* [WHAT THE EXERCISE ASKS]
Entries follow. Return each line that contains the word "pselect".
___ INFORMATION SUPPLIED ___
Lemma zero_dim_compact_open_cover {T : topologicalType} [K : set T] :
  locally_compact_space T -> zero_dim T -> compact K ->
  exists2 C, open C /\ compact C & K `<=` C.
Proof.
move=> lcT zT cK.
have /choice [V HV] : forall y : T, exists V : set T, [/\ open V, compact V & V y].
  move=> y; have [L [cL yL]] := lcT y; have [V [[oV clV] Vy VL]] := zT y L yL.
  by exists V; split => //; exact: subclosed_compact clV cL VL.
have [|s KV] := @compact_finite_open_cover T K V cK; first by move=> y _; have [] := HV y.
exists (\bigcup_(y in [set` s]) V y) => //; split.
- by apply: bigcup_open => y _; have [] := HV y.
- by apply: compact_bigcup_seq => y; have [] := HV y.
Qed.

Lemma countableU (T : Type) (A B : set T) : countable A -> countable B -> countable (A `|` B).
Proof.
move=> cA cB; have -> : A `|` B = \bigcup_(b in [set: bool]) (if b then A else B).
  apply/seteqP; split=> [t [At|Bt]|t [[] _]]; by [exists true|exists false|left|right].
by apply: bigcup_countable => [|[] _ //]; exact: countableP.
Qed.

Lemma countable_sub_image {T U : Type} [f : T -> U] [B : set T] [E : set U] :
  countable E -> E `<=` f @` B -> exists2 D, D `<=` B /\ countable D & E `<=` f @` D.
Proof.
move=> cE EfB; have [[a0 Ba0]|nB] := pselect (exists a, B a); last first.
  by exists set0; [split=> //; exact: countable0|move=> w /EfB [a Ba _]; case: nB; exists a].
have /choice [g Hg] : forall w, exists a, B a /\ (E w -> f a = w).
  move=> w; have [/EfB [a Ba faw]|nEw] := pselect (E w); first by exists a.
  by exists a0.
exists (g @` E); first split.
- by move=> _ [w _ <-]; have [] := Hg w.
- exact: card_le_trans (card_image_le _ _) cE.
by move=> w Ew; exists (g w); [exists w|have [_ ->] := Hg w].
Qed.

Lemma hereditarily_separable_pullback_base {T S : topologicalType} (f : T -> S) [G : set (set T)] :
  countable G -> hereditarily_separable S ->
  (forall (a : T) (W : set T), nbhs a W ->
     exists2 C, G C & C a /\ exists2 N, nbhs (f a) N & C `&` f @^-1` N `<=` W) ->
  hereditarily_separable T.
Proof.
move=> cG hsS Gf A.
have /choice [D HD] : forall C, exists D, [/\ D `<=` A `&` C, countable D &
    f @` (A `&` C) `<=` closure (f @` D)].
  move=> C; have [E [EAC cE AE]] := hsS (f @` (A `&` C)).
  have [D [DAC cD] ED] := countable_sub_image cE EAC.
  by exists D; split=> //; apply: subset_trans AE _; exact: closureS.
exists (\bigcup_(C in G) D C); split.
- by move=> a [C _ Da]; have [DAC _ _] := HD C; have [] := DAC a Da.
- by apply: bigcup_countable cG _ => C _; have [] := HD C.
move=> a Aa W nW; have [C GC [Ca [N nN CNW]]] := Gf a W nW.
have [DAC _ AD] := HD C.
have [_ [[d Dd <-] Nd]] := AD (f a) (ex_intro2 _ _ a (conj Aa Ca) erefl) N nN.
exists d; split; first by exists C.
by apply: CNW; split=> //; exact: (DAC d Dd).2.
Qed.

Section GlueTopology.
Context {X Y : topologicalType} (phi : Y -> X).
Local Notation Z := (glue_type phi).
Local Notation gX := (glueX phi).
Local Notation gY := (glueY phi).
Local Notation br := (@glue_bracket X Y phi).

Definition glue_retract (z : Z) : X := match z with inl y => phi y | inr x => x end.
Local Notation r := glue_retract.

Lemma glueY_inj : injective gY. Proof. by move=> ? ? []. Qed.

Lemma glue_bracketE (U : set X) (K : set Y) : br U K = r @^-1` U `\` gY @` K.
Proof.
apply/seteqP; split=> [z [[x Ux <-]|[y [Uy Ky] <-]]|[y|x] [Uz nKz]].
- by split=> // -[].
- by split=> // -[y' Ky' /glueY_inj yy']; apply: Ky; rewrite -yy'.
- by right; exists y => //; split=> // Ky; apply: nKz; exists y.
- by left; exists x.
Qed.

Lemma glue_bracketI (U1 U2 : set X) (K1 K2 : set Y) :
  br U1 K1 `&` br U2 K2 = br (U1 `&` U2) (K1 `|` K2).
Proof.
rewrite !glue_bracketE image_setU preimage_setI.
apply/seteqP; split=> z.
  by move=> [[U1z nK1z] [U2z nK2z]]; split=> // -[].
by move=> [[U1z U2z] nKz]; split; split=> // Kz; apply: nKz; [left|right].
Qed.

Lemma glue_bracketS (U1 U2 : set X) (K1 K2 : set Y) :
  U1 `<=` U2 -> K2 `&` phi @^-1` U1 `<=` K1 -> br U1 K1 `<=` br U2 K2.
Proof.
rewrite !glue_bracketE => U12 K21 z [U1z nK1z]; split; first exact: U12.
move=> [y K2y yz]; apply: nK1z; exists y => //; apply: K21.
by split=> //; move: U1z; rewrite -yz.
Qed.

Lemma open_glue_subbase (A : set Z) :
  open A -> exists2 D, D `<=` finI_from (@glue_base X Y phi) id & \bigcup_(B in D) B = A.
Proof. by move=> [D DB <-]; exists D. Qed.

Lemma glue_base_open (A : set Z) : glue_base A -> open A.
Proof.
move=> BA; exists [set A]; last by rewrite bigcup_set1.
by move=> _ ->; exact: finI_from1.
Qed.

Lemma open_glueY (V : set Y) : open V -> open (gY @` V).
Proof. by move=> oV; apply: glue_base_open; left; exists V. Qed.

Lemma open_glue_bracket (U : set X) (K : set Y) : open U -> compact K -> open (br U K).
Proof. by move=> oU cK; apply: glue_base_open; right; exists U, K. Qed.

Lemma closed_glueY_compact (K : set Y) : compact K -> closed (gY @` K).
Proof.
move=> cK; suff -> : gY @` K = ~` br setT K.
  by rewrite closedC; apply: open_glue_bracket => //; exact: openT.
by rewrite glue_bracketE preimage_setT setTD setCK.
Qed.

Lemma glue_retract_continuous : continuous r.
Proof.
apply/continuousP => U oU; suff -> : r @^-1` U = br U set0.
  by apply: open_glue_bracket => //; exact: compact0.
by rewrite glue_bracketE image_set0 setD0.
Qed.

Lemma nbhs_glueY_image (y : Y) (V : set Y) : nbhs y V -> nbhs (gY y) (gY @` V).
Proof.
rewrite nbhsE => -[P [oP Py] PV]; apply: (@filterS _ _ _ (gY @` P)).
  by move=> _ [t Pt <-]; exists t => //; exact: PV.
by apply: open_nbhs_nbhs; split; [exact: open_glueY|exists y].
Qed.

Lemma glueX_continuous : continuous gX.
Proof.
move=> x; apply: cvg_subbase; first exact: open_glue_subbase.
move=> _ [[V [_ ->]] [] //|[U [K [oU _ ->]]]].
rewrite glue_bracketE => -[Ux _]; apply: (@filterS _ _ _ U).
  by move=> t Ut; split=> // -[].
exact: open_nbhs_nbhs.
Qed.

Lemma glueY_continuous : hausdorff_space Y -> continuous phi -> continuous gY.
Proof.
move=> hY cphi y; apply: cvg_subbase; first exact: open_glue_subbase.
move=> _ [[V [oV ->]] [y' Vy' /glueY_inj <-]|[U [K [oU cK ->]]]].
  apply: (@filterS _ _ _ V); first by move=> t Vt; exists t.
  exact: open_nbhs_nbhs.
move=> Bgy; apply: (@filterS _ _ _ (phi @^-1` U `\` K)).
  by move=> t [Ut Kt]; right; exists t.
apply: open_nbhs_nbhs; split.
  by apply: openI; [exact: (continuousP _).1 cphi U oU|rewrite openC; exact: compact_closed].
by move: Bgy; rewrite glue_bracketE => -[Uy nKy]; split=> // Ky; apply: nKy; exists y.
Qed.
___
* [EXERCISE OUTPUT]
move=> cE EfB; have [[a0 Ba0]|nB] := pselect (exists a, B a); last first.
  move=> w; have [/EfB [a Ba faw]|nEw] := pselect (E w); first by exists a.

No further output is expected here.